(* Let $(M,d)$ be a metric space, $\mathsf{P}\subseteq M$ a set of $n$ points, $1\le\ell\le k\le n$ integers and $m=\lfloor k/\ell\rfloor$. Let $\sigma_{\mathrm{med}}=\min_{S\subseteq\mathsf{P},|S|=m}\sum_{p\in\mathsf{P}} d_S(p,1)$ and $\sigma_{\mathrm{opt}}=\min_{C'\subseteq\mathsf{P},|C'|=k}\sum_{p\in\mathsf{P}} d_{C'}(p,\ell)$. Then $\sigma_{\mathrm{med}}\le 2\sigma_{\mathrm{opt}}$.
   Context: For a finite set $S\subseteq M$, a point $p\in M$ and an integer $1\le i\le|S|$, $d_S(p,i)$ denotes the radius of the smallest closed ball centered at $p$ containing at least $i$ points of $S$ (distance to the $i$-th nearest point of $S$). *)

From HB Require Import structures.
From mathcomp Require Import all_boot all_order all_algebra.
Set Implicit Arguments. Unset Strict Implicit. Unset Printing Implicit Defensive.
Import Order.TTheory GRing.Theory Num.Theory.
Local Open Scope ring_scope.

Definition is_metric (R : realFieldType) (M : Type) (d : M -> M -> R) : Prop :=
  [/\ forall x y, 0 <= d x y,
      forall x y, d x y = 0 <-> x = y,
      forall x y, d x y = d y x
    & forall x y z, d x z <= d x y + d y z].

(* The point set P = { pts j | j : 'I_n } (pts injective); a subset S of P
   is represented by a set of indices S : {set 'I_n}.
   dS d pts S p i = distance from p to the i-th nearest point of S
   (i counted from 1): the (i-1)-th entry of the sorted list of distances. *)
Definition dS (R : realFieldType) (M : Type) (d : M -> M -> R) (n : nat)
  (pts : 'I_n -> M) (S : {set 'I_n}) (p : M) (i : nat) : R :=
  nth 0 (sort <=%R [seq d p (pts s) | s <- enum S]) i.-1.

Definition cost (R : realFieldType) (M : Type) (d : M -> M -> R) (n : nat)
  (pts : 'I_n -> M) (S : {set 'I_n}) (i : nat) : R :=
  \sum_(j < n) dS d pts S (pts j) i.

Definition is_min_cost (R : realFieldType) (M : Type) (d : M -> M -> R)
  (n : nat) (pts : 'I_n -> M) (m i : nat) (v : R) : Prop :=
  (exists S : {set 'I_n}, #|S| = m /\ cost d pts S i = v) /\
  (forall S : {set 'I_n}, #|S| = m -> v <= cost d pts S i).

From HB Require Import structures.
From mathcomp Require Import all_boot all_order all_algebra.
From mathcomp Require Import zify.
Set Implicit Arguments. Unset Strict Implicit. Unset Printing Implicit Defensive.
Import Order.TTheory GRing.Theory Num.Theory.
Local Open Scope ring_scope.

(* Fix an optimal set C of k
   centres for the l-th-nearest-centre cost and let r j = d_C(p_j, l).  The
   closed ball of radius r j around p_j contains at least l points of C; call
   this set of centres N j.  Greedily pick points in increasing order of r,
   discarding every point whose N meets the N of a picked point.  The picked
   neighbourhoods are pairwise disjoint subsets of C of size >= l, so at most
   k / l points are picked; every point p_j meets the neighbourhood of a picked
   point p with r p <= r j, so by the triangle inequality d(p_j, p) <= 2 r j.
   Padding the picked set to size k / l gives a 1-median candidate whose cost
   is at most 2 * sigma_opt. *)

Lemma count_enum_card (T : finType) (S : {set T}) (P : pred T) :
  count P (enum S) = #|[set s in S | P s]|.
Proof.
rewrite cardE /enum_mem -!size_filter -filter_predI.
by congr size; apply: eq_filter => x; rewrite !inE andbC.
Qed.

Lemma dS_first_le (R : realFieldType) (M : Type) (d : M -> M -> R) (n : nat)
    (pts : 'I_n -> M) (S : {set 'I_n}) (x : M) (s : 'I_n) :
  s \in S -> dS d pts S x 1 <= d x (pts s).
Proof.
move=> sS; rewrite /dS /=.
have : d x (pts s) \in sort <=%R [seq d x (pts s) | s <- enum S].
  by rewrite mem_sort; apply: map_f; rewrite mem_enum.
have := sort_sorted (@le_total _ R) [seq d x (pts s) | s <- enum S].
case: (sort _ _) => [|a t] //= sorted_at.
rewrite inE => /orP [/eqP -> //|in_t].
by have /allP := order_path_min (@le_trans _ R) sorted_at; apply.
Qed.

(* For 1 <= i <= |S|, the closed ball of radius d_S(x, i) around x contains
   at least i points of S: the first i entries of the sorted distance list
   are all <= its i-th entry. *)
Lemma dS_ball_card (R : realFieldType) (M : Type) (d : M -> M -> R) (n : nat)
    (pts : 'I_n -> M) (S : {set 'I_n}) (x : M) (i : nat) :
  (1 <= i)%N -> (i <= #|S|)%N ->
  (i <= #|[set s in S | (d x (pts s) <= dS d pts S x i)%R]|)%N.
Proof.
move=> i_gt0 i_le; rewrite -count_enum_card /dS.
set t := sort _ _; set rad := nth _ _ _.
rewrite -[count _ _]/(count ((<= rad) \o (fun s => d x (pts s))) (enum S)).
have t_perm : perm_eq t [seq d x (pts s) | s <- enum S] by rewrite perm_sort.
rewrite -count_map -(permP t_perm).
have size_t : size t = #|S| by rewrite size_sort size_map cardE.
have sorted_t : sorted <=%R t by apply: sort_sorted; apply: le_total.
have prefix_le : all (<= rad) (take i t).
  apply/(all_nthP 0) => j; rewrite size_takel ?size_t // => j_lt.
  rewrite nth_take //.
  apply: (sorted_leq_nth (@le_trans _ R) (@lexx _ R) 0 sorted_t);
    rewrite ?inE ?size_t; lia.
rewrite -(cat_take_drop i t) count_cat.
apply: leq_trans (leq_addr _ _).
by move: prefix_le; rewrite all_count => /eqP ->; rewrite size_takel ?size_t.
Qed.

(* Repeatedly select a point of minimal radius and discard
   all points whose neighbourhood meets the selected one. *)
Lemma disjoint_representatives (R : realDomainType) (I J : finType)
    (r : I -> R) (N : I -> {set J}) (T : {set I}) :
  (forall q, N q != set0) ->
  exists Sel : {set I}, [/\ Sel \subset T,
    {in Sel &, forall p p', p != p' -> [disjoint N p & N p']} &
    forall q, q \in T ->
      exists2 p, p \in Sel & ~~ [disjoint N q & N p] && (r p <= r q)].
Proof.
move=> N_neq0; have [s] := ubnP #|T|; elim: s T => // s IH T /ltnSE-card_T.
have [->|[q0 q0T]] := set_0Vmem T.
  by exists set0; split=> [|p|q]; rewrite ?sub0set ?inE.
have [q1 q1T q1_min] := @arg_minP _ _ _ q0 (mem T) r q0T.
have {}q1T : q1 \in T := q1T.
pose T' := [set q in T | [disjoint N q & N q1]].
have sub_T' : T' \subset T by apply/subsetP => q; rewrite inE => /andP[].
have q1_notin : q1 \notin T'.
  by rewrite inE -setI_eq0 setIid; apply/nandP; right; apply: N_neq0.
have lt_T' : (#|T'| < s)%N.
  apply: leq_trans card_T; apply: proper_card; apply/properP.
  by split=> //; exists q1.
have [Sel [Sel_sub Sel_dis Sel_cov]] := IH T' lt_T'.
have Sel_far p : p \in Sel -> [disjoint N p & N q1].
  by move/(subsetP Sel_sub); rewrite inE => /andP[].
exists (q1 |: Sel); split.
- by rewrite subUset sub1set q1T (subset_trans Sel_sub).
- move=> p p' /setU1P[-> | pS] /setU1P[-> | p'S]; rewrite ?eqxx //.
  + by move=> _; rewrite disjoint_sym Sel_far.
  + by move=> _; rewrite Sel_far.
  + exact: Sel_dis.
- move=> q qT; case: (boolP [disjoint N q & N q1]) => [far | near].
    have qT' : q \in T' by rewrite inE qT far.
    by have [p pS p_close] := Sel_cov q qT'; exists p => //; rewrite setU1r.
  by exists q1; rewrite ?setU11 // near q1_min.
Qed.

Lemma card_disjoint_family (I J : finType) (N : I -> {set J})
    (Sel : {set I}) (C : {set J}) (l : nat) :
  (0 < l)%N -> (forall p, p \in Sel -> l <= #|N p|)%N ->
  (forall p, p \in Sel -> N p \subset C) ->
  {in Sel &, forall p p', p != p' -> [disjoint N p & N p']} ->
  (l * #|Sel| <= #|C|)%N.
Proof.
move=> l_gt0 N_big N_sub N_dis.
have N_inj : {in Sel &, injective N}.
  move=> p p' pS p'S eq_N; case: (eqVneq p p') => // neq; exfalso.
  move: (N_big p' p'S) (N_dis p p' pS p'S neq).
  by rewrite eq_N -setI_eq0 setIid -cards_eq0 => l_le /eqP card0; lia.
pose P := N @: Sel.
have P_triv : trivIset P.
  apply/trivIsetP => _ _ /imsetP[p pS ->] /imsetP[p' p'S ->] neq.
  by apply: N_dis => //; apply: contraNneq neq => ->.
have cover_card : #|cover P| = (\sum_(A in P) #|A|)%N.
  by apply/eqP; rewrite (leq_card_cover P).2.
rewrite -(card_in_imset N_inj) mulnC -sum_nat_const.
apply: (@leq_trans (\sum_(A in P) #|A|)).
  by apply: leq_sum => _ /imsetP[p pS ->]; apply: N_big.
rewrite -cover_card; apply: subset_leq_card.
by apply/bigcupsP => _ /imsetP[p pS ->]; apply: N_sub.
Qed.

Lemma extend_to_card (T : finType) (A : {set T}) (m : nat) :
  (#|A| <= m <= #|T|)%N -> exists B : {set T}, A \subset B /\ #|B| = m.
Proof.
move=> /andP[A_le m_le]; move e: (m - #|A|)%N => gap.
elim: gap A e A_le => [|gap IH] A e A_le.
  by exists A; split => //; lia.
have : ~~ ([set: T] \subset A).
  by apply/negP => /subset_leq_card; rewrite cardsT; lia.
case/subsetPn => x _ xA.
have [||B [sub_B card_B]] := IH (x |: A); rewrite ?cardsU1 ?xA //=; try lia.
by exists B; split => //; apply: subset_trans sub_B; apply: subsetUr.
Qed.

Lemma dist_le_common_point (R : realFieldType) (M : Type) (d : M -> M -> R)
    (x y z : M) (rx ry : R) :
  is_metric d -> d x z <= rx -> d y z <= ry -> d x y <= rx + ry.
Proof.
move=> [_ _ d_sym d_tri] xz yz.
by apply: le_trans (d_tri x z y) _; rewrite lerD // d_sym.
Qed.

Theorem claim2 (R : realFieldType) (M : Type) (d : M -> M -> R)
  (n : nat) (pts : 'I_n -> M) (l k : nat) (sigma_med sigma_opt : R) :
  is_metric d -> injective pts ->
  (1 <= l)%N -> (l <= k)%N -> (k <= n)%N ->
  is_min_cost d pts (k %/ l) 1 sigma_med ->
  is_min_cost d pts k l sigma_opt ->
  sigma_med <= 2 * sigma_opt.
Proof.
move=> d_metric _ l_gt0 l_le_k k_le_n [_ med_min] [[C [card_C C_opt]] _].
pose r j := dS d pts C (pts j) l.
pose N j := [set c in C | d (pts j) (pts c) <= r j].
have N_big j : (l <= #|N j|)%N by apply: dS_ball_card; rewrite ?card_C.
have N_sub j : N j \subset C by apply/subsetP => c; rewrite inE => /andP[].
have N_neq0 j : N j != set0 by rewrite -card_gt0 (leq_trans l_gt0).
have [Sel [_ Sel_dis Sel_cov]] := disjoint_representatives r [set: 'I_n] N_neq0.
have card_Sel : (#|Sel| <= k %/ l)%N.
  rewrite leq_divRL // mulnC -card_C.
  by apply: card_disjoint_family => // p _.
have card_bounds : (#|Sel| <= k %/ l <= #|'I_n|)%N.
  by rewrite card_Sel card_ord (leq_trans (leq_div k l)).
have [S [Sel_S card_S]] := extend_to_card card_bounds.
apply: le_trans (med_min S card_S) _.
rewrite -C_opt /cost mulr_sumr; apply: ler_sum => j _.
have [p pS /andP[meet r_p]] := Sel_cov j (in_setT j).
move: meet; rewrite -setI_eq0 => /set0Pn[c /setIP[]].
rewrite !inE => /andP[_ jc] /andP[_ pc].
apply: le_trans (dS_first_le d pts (pts j) (subsetP Sel_S p pS)) _.
by rewrite mulr2n mulrDl mul1r (dist_le_common_point d_metric jc) // (le_trans pc).
Qed.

■ Instructions to follow ■
Each line above with the string "around" should be reported in full.

■ Solution to this problem ■
   closed ball of radius r j around p_j contains at least l points of C; call
(* For 1 <= i <= |S|, the closed ball of radius d_S(x, i) around x contains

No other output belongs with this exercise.